[WHAT NEEDS TO BE DONE] Output exactly the lines below, starting with the line that has "- intros N." and going on through the line that has "rewrite (Series_ext _ (delta (c", both included, and no other lines.

[AVAILABLE RECORDS]
- - -

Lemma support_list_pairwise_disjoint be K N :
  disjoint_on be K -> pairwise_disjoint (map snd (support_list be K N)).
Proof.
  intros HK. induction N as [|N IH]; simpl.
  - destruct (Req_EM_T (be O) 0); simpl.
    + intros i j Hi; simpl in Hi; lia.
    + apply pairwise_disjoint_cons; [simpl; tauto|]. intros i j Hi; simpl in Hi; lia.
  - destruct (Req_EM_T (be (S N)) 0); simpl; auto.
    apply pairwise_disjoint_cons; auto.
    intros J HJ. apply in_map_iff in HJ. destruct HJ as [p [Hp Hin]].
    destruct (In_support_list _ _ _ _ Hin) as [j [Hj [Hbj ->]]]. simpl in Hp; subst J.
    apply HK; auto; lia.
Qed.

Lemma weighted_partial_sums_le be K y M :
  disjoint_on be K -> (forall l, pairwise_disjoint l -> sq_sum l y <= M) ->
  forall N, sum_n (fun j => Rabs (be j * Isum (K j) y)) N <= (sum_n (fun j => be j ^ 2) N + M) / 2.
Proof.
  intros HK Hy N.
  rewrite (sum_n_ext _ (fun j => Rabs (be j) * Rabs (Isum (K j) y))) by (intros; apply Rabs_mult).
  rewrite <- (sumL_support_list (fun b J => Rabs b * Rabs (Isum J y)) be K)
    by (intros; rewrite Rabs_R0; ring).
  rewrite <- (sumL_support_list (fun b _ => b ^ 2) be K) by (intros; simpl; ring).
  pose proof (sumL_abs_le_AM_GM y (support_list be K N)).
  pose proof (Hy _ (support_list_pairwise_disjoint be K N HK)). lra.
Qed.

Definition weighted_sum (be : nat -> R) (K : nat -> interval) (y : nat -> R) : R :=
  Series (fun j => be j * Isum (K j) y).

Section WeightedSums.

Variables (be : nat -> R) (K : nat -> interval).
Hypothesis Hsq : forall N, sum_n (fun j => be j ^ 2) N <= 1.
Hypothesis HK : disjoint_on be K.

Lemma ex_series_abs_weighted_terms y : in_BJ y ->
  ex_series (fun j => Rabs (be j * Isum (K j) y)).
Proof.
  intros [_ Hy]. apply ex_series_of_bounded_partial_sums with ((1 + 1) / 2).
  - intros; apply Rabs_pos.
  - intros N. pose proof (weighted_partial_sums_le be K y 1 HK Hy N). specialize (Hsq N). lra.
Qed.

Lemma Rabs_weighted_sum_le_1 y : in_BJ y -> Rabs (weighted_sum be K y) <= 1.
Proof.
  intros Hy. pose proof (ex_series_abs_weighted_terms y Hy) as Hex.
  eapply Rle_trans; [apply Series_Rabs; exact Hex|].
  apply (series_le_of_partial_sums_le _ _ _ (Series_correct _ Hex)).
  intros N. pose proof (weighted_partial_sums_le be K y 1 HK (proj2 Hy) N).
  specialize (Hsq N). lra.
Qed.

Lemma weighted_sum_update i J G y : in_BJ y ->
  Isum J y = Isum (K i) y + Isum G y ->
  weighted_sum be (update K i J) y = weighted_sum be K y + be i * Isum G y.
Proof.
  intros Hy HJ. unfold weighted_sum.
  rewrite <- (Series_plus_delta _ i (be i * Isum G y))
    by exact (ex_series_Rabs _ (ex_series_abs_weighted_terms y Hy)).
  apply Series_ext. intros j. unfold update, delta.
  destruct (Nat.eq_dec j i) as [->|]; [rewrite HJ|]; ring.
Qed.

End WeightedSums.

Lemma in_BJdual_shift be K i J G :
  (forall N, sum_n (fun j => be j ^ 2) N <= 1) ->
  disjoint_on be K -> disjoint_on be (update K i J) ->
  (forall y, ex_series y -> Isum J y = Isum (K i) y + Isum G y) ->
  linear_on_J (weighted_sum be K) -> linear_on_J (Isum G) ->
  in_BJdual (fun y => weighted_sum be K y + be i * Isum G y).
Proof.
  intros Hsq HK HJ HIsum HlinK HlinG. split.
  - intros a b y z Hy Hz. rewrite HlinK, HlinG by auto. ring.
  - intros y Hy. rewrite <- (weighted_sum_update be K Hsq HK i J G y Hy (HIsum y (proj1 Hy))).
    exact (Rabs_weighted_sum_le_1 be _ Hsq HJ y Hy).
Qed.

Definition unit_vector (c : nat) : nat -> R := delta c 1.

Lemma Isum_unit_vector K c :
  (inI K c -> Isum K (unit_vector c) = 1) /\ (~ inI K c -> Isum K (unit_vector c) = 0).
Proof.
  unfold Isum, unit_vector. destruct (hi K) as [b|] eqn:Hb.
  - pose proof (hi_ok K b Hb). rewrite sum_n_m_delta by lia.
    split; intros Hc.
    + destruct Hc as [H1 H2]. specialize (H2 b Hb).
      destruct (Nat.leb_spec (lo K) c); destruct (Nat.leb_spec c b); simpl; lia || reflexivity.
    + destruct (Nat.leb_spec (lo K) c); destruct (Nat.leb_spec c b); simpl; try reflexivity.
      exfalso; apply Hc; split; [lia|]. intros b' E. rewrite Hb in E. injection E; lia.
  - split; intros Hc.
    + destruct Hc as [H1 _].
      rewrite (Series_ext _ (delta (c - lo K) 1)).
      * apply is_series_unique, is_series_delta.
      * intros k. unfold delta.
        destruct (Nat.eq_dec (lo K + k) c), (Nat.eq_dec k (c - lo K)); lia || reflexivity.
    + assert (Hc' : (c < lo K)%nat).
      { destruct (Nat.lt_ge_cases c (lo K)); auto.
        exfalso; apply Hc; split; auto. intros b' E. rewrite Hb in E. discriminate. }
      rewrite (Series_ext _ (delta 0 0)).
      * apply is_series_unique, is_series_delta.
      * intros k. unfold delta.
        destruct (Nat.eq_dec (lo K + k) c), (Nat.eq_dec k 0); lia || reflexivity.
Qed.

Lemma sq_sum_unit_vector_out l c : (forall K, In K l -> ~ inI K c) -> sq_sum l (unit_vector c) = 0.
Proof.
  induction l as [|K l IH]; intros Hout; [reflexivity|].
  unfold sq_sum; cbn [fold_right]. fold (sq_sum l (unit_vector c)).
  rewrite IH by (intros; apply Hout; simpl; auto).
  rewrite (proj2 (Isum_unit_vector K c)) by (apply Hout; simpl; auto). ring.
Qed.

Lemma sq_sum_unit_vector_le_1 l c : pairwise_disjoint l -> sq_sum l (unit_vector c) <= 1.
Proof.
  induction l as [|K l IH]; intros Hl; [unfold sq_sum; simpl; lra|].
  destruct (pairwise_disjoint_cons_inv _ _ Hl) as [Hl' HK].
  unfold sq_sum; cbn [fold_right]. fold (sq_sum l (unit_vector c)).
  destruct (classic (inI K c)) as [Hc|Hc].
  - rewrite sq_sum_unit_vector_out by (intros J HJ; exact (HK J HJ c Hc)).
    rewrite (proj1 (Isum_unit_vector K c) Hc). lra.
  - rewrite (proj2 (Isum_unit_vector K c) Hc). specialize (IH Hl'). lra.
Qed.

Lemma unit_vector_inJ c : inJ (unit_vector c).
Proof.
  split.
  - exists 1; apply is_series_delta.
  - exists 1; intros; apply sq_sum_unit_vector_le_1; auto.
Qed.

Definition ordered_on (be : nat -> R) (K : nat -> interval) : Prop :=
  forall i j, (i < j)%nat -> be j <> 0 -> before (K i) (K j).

- - -

[OUTPUT FOR THIS EXERCISE]
  - intros N. pose proof (weighted_partial_sums_le be K y 1 HK Hy N). specialize (Hsq N). lra.
Qed.

Lemma Rabs_weighted_sum_le_1 y : in_BJ y -> Rabs (weighted_sum be K y) <= 1.
Proof.
  intros Hy. pose proof (ex_series_abs_weighted_terms y Hy) as Hex.
  eapply Rle_trans; [apply Series_Rabs; exact Hex|].
  apply (series_le_of_partial_sums_le _ _ _ (Series_correct _ Hex)).
  intros N. pose proof (weighted_partial_sums_le be K y 1 HK (proj2 Hy) N).
  specialize (Hsq N). lra.
Qed.

Lemma weighted_sum_update i J G y : in_BJ y ->
  Isum J y = Isum (K i) y + Isum G y ->
  weighted_sum be (update K i J) y = weighted_sum be K y + be i * Isum G y.
Proof.
  intros Hy HJ. unfold weighted_sum.
  rewrite <- (Series_plus_delta _ i (be i * Isum G y))
    by exact (ex_series_Rabs _ (ex_series_abs_weighted_terms y Hy)).
  apply Series_ext. intros j. unfold update, delta.
  destruct (Nat.eq_dec j i) as [->|]; [rewrite HJ|]; ring.
Qed.

End WeightedSums.

Lemma in_BJdual_shift be K i J G :
  (forall N, sum_n (fun j => be j ^ 2) N <= 1) ->
  disjoint_on be K -> disjoint_on be (update K i J) ->
  (forall y, ex_series y -> Isum J y = Isum (K i) y + Isum G y) ->
  linear_on_J (weighted_sum be K) -> linear_on_J (Isum G) ->
  in_BJdual (fun y => weighted_sum be K y + be i * Isum G y).
Proof.
  intros Hsq HK HJ HIsum HlinK HlinG. split.
  - intros a b y z Hy Hz. rewrite HlinK, HlinG by auto. ring.
  - intros y Hy. rewrite <- (weighted_sum_update be K Hsq HK i J G y Hy (HIsum y (proj1 Hy))).
    exact (Rabs_weighted_sum_le_1 be _ Hsq HJ y Hy).
Qed.

Definition unit_vector (c : nat) : nat -> R := delta c 1.

Lemma Isum_unit_vector K c :
  (inI K c -> Isum K (unit_vector c) = 1) /\ (~ inI K c -> Isum K (unit_vector c) = 0).
Proof.
  unfold Isum, unit_vector. destruct (hi K) as [b|] eqn:Hb.
  - pose proof (hi_ok K b Hb). rewrite sum_n_m_delta by lia.
    split; intros Hc.
    + destruct Hc as [H1 H2]. specialize (H2 b Hb).
      destruct (Nat.leb_spec (lo K) c); destruct (Nat.leb_spec c b); simpl; lia || reflexivity.
    + destruct (Nat.leb_spec (lo K) c); destruct (Nat.leb_spec c b); simpl; try reflexivity.
      exfalso; apply Hc; split; [lia|]. intros b' E. rewrite Hb in E. injection E; lia.
  - split; intros Hc.
    + destruct Hc as [H1 _].
      rewrite (Series_ext _ (delta (c - lo K) 1)).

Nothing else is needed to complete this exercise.